*** Opening of Data shown ***
Lemma monomial2_taylor_bound x y x' y' r n m : 0 < r <= 1 ->
  Cmod x <= r -> Cmod y <= r -> Cmod x' <= r -> Cmod y' <= r ->
  r ^ 2 * Cmod (monomial2_remainder x y x' y' n m)
  <= INR (S n) ^ 2 * INR (S m) ^ 2 * (r ^ n * r ^ m) * (Cmod (y - x)%C + Cmod (y' - x')%C) ^ 2.
Proof.
  intros Hr Hx Hy Hx' Hy'.
  eapply Rle_trans; [now apply Cmod_monomial2_remainder_le|].
  match goal with |- _ <= ?N * ?M * ?R * ?D => replace (N * M * R * D) with (N * M * D * R) by ring end.
  apply Rmult_le_compat_r; [apply Rmult_le_pos; apply pow_le; lra|].
  rewrite !S_INR. apply quadratic_form_le; auto using pos_INR, Cmod_ge_0.
Qed.

Lemma weight_bounded_pseries2_remainder c K p r x y x' y' : poly_bounded c K p -> 0 < r <= 1 ->
  Cmod x <= r -> Cmod y <= r -> Cmod x' <= r -> Cmod y' <= r ->
  weight_bounded (fun n m => c n m * monomial2_remainder x y x' y' n m)%C
    (K / r ^ 2 * (Cmod (y - x)%C + Cmod (y' - x')%C) ^ 2) (S (S p)) r.
Proof.
  intros [HK Hc] Hr Hx Hy Hx' Hy' n m.
  pose proof (monomial2_taylor_bound x y x' y' r n m Hr Hx Hy Hx' Hy') as TB.
  set (d := (Cmod (y - x)%C + Cmod (y' - x')%C) ^ 2) in *.
  set (T := Cmod (monomial2_remainder x y x' y' n m)) in *.
  assert (HT : T <= INR (S n) ^ 2 * INR (S m) ^ 2 * (r ^ n * r ^ m) * d / r ^ 2).
  { apply Rmult_le_reg_l with (r ^ 2); [apply pow_lt; lra|].
    replace (r ^ 2 * (INR (S n) ^ 2 * INR (S m) ^ 2 * (r ^ n * r ^ m) * d / r ^ 2))
      with (INR (S n) ^ 2 * INR (S m) ^ 2 * (r ^ n * r ^ m) * d) by (field; lra).
    exact TB. }
  rewrite Cmod_mult. fold T. unfold weight.
  replace (K / r ^ 2 * d * (INR (S n) ^ S (S p) * r ^ n) * (INR (S m) ^ S (S p) * r ^ m))
    with ((K * INR (S n) ^ p * INR (S m) ^ p)
          * (INR (S n) ^ 2 * INR (S m) ^ 2 * (r ^ n * r ^ m) * d / r ^ 2))
    by (replace (S (S p)) with (p + 2)%nat by lia; rewrite !pow_add; field; lra).
  apply Rmult_le_compat; [apply Cmod_ge_0|apply Cmod_ge_0|apply Hc|exact HT].
Qed.

Lemma pseries2_sub_linear c K p r x y x' y' : poly_bounded c K p -> 0 < r < 1 ->
  Cmod x <= r -> Cmod y <= r -> Cmod x' <= r -> Cmod y' <= r ->
  (pseries2 c y y' - pseries2 c x x' - (y - x) * pseries2_du c x x' - (y' - x') * pseries2_dv c x x')%C
  = CSeries2 (fun n m => c n m * monomial2_remainder x y x' y' n m)%C.
Proof.
  intros Hc Hr Hx Hy Hx' Hy'.
  pose proof (proj1 Hc) as HK.
  pose proof (weight_bounded_pseries2_terms c K p r y y' Hc ltac:(lra) Hy Hy') as bA.
  pose proof (weight_bounded_pseries2_terms c K p r x x' Hc ltac:(lra) Hx Hx') as bB.
  apply (weight_bounded_mono p r Hr _ K (S p)) in bA, bB; auto.
  pose proof (weight_bounded_pseries2_du_terms c K p r x x' Hc ltac:(lra) Hx Hx') as bU.
  pose proof (weight_bounded_pseries2_dv_terms c K p r x x' Hc ltac:(lra) Hx Hx') as bV.
  pose proof (weight_bounded_minus _ r _ _ _ _ bA bB) as bAB.
  pose proof (weight_bounded_minus _ r _ _ _ _ bAB (weight_bounded_scal _ r _ _ (y - x)%C bU)) as bABU.
  unfold pseries2, pseries2_du, pseries2_dv.
  rewrite <- (CSeries2_scal _ r Hr (y - x)%C _ _ bU), <- (CSeries2_scal _ r Hr (y' - x')%C _ _ bV).
  rewrite <- (CSeries2_minus _ r Hr _ _ _ _ bA bB).
  rewrite <- (CSeries2_minus _ r Hr _ _ _ _ bAB (weight_bounded_scal _ r _ _ (y - x)%C bU)).
  rewrite <- (CSeries2_minus _ r Hr _ _ _ _ bABU (weight_bounded_scal _ r _ _ (y' - x')%C bV)).
  apply CSeries2_ext. intros n m. unfold monomial2_remainder. ring.
Qed.

Lemma pseries2_taylor_bound c K p r x y x' y' : poly_bounded c K p -> 0 < r < 1 ->
  Cmod x <= r -> Cmod y <= r -> Cmod x' <= r -> Cmod y' <= r ->
  Cmod (pseries2 c y y' - pseries2 c x x' - (y - x) * pseries2_du c x x'
        - (y' - x') * pseries2_dv c x x')%C
  <= K / r ^ 2 * (Cmod (y - x)%C + Cmod (y' - x')%C) ^ 2
     * Series (weight (S (S p)) r) * Series (weight (S (S p)) r).
Proof.
  intros Hc Hr Hx Hy Hx' Hy'.
  rewrite (pseries2_sub_linear c K p r) by assumption.
  apply (Cmod_CSeries2_le _ _ Hr).
  apply weight_bounded_pseries2_remainder; auto. lra.
Qed.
*** Close of Data shown ***
Your goal – Determine how many lines in the data include the word "unfold". Answer with that number alone.

Output for this task – 3